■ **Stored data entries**
====
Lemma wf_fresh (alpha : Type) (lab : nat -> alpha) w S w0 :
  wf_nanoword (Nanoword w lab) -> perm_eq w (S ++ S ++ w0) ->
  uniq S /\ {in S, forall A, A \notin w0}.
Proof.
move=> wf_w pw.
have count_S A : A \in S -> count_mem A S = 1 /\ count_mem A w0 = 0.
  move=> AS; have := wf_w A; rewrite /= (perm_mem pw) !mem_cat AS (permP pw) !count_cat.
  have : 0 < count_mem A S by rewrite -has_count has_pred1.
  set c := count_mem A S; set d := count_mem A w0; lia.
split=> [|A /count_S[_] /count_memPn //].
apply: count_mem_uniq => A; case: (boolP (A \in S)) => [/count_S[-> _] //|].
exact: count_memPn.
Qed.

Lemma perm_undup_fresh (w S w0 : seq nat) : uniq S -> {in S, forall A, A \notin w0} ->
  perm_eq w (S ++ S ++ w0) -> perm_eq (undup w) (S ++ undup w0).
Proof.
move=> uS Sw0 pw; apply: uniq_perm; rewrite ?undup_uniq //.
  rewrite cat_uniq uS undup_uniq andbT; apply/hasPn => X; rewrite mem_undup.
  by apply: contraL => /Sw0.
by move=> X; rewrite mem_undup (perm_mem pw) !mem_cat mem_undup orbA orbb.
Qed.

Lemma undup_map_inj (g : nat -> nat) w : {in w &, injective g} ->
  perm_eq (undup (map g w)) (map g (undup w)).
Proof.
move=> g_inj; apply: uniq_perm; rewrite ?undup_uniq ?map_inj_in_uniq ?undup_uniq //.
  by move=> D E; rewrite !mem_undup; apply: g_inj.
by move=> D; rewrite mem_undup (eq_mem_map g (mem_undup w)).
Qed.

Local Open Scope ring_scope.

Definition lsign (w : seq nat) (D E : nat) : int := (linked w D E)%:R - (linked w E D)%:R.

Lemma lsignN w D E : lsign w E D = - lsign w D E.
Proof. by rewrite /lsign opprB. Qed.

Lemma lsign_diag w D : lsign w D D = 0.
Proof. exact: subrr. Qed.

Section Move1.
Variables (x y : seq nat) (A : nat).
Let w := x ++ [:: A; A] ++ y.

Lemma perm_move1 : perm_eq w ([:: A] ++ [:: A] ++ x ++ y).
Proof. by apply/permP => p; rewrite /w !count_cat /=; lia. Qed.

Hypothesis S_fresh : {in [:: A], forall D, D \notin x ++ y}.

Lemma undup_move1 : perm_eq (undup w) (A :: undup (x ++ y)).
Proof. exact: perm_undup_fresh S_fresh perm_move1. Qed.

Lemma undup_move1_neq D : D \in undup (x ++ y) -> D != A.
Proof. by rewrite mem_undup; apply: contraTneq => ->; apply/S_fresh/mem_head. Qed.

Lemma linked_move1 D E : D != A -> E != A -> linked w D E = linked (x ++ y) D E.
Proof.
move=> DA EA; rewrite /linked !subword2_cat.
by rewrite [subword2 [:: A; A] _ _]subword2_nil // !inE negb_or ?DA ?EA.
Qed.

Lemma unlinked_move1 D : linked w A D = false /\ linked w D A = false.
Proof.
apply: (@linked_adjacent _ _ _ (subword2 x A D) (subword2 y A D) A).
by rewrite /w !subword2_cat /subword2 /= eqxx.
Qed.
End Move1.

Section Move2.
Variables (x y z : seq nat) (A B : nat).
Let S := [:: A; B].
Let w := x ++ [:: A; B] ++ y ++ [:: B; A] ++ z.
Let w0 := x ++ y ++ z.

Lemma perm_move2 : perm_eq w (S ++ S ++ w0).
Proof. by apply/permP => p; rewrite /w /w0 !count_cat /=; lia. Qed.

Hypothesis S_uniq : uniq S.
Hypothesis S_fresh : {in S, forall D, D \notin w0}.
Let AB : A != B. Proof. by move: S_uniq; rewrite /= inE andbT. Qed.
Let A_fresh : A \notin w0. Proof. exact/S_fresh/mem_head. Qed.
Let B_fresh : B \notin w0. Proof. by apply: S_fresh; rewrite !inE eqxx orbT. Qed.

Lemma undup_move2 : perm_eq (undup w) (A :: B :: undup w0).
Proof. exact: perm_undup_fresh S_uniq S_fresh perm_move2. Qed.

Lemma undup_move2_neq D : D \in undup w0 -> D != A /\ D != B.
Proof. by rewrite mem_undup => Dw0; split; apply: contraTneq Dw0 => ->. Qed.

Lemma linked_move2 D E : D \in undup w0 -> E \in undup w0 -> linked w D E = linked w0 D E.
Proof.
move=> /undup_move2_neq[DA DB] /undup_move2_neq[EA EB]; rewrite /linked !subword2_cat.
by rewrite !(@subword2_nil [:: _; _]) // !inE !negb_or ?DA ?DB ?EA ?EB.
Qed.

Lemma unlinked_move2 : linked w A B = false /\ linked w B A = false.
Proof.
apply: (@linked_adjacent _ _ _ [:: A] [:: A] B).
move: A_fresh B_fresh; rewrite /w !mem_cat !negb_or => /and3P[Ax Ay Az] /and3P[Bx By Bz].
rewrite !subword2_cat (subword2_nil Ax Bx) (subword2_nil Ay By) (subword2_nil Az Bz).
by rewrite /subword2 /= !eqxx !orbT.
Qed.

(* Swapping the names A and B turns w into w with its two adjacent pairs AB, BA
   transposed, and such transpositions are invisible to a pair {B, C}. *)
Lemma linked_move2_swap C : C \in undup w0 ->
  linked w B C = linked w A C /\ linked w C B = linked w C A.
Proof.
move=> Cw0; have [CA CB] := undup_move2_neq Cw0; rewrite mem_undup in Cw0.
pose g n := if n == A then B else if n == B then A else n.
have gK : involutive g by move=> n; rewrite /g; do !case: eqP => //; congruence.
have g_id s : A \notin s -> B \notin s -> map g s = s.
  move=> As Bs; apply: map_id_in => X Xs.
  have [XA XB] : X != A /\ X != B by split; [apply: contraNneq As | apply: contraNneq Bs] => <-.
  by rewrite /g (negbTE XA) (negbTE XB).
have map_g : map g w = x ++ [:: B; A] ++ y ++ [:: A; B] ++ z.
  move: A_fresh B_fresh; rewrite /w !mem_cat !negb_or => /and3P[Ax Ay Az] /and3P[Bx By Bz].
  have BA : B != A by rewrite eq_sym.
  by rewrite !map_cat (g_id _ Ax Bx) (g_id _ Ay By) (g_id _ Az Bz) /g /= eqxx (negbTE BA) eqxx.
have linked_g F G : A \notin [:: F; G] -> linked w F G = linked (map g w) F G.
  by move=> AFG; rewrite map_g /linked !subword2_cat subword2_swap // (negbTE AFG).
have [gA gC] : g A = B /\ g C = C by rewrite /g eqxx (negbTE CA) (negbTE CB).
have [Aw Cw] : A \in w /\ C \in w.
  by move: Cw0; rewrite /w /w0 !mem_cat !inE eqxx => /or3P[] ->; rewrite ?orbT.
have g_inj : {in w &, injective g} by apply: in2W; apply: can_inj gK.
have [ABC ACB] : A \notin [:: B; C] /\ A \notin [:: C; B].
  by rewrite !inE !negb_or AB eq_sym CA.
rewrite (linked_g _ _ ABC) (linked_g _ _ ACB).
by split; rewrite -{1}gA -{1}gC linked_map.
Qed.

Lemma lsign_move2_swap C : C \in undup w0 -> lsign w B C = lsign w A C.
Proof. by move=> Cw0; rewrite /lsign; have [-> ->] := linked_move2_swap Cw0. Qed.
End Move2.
====
Please work out how many lines above contain the string "andbT", and reply with that number alone.

■ **Solution**
2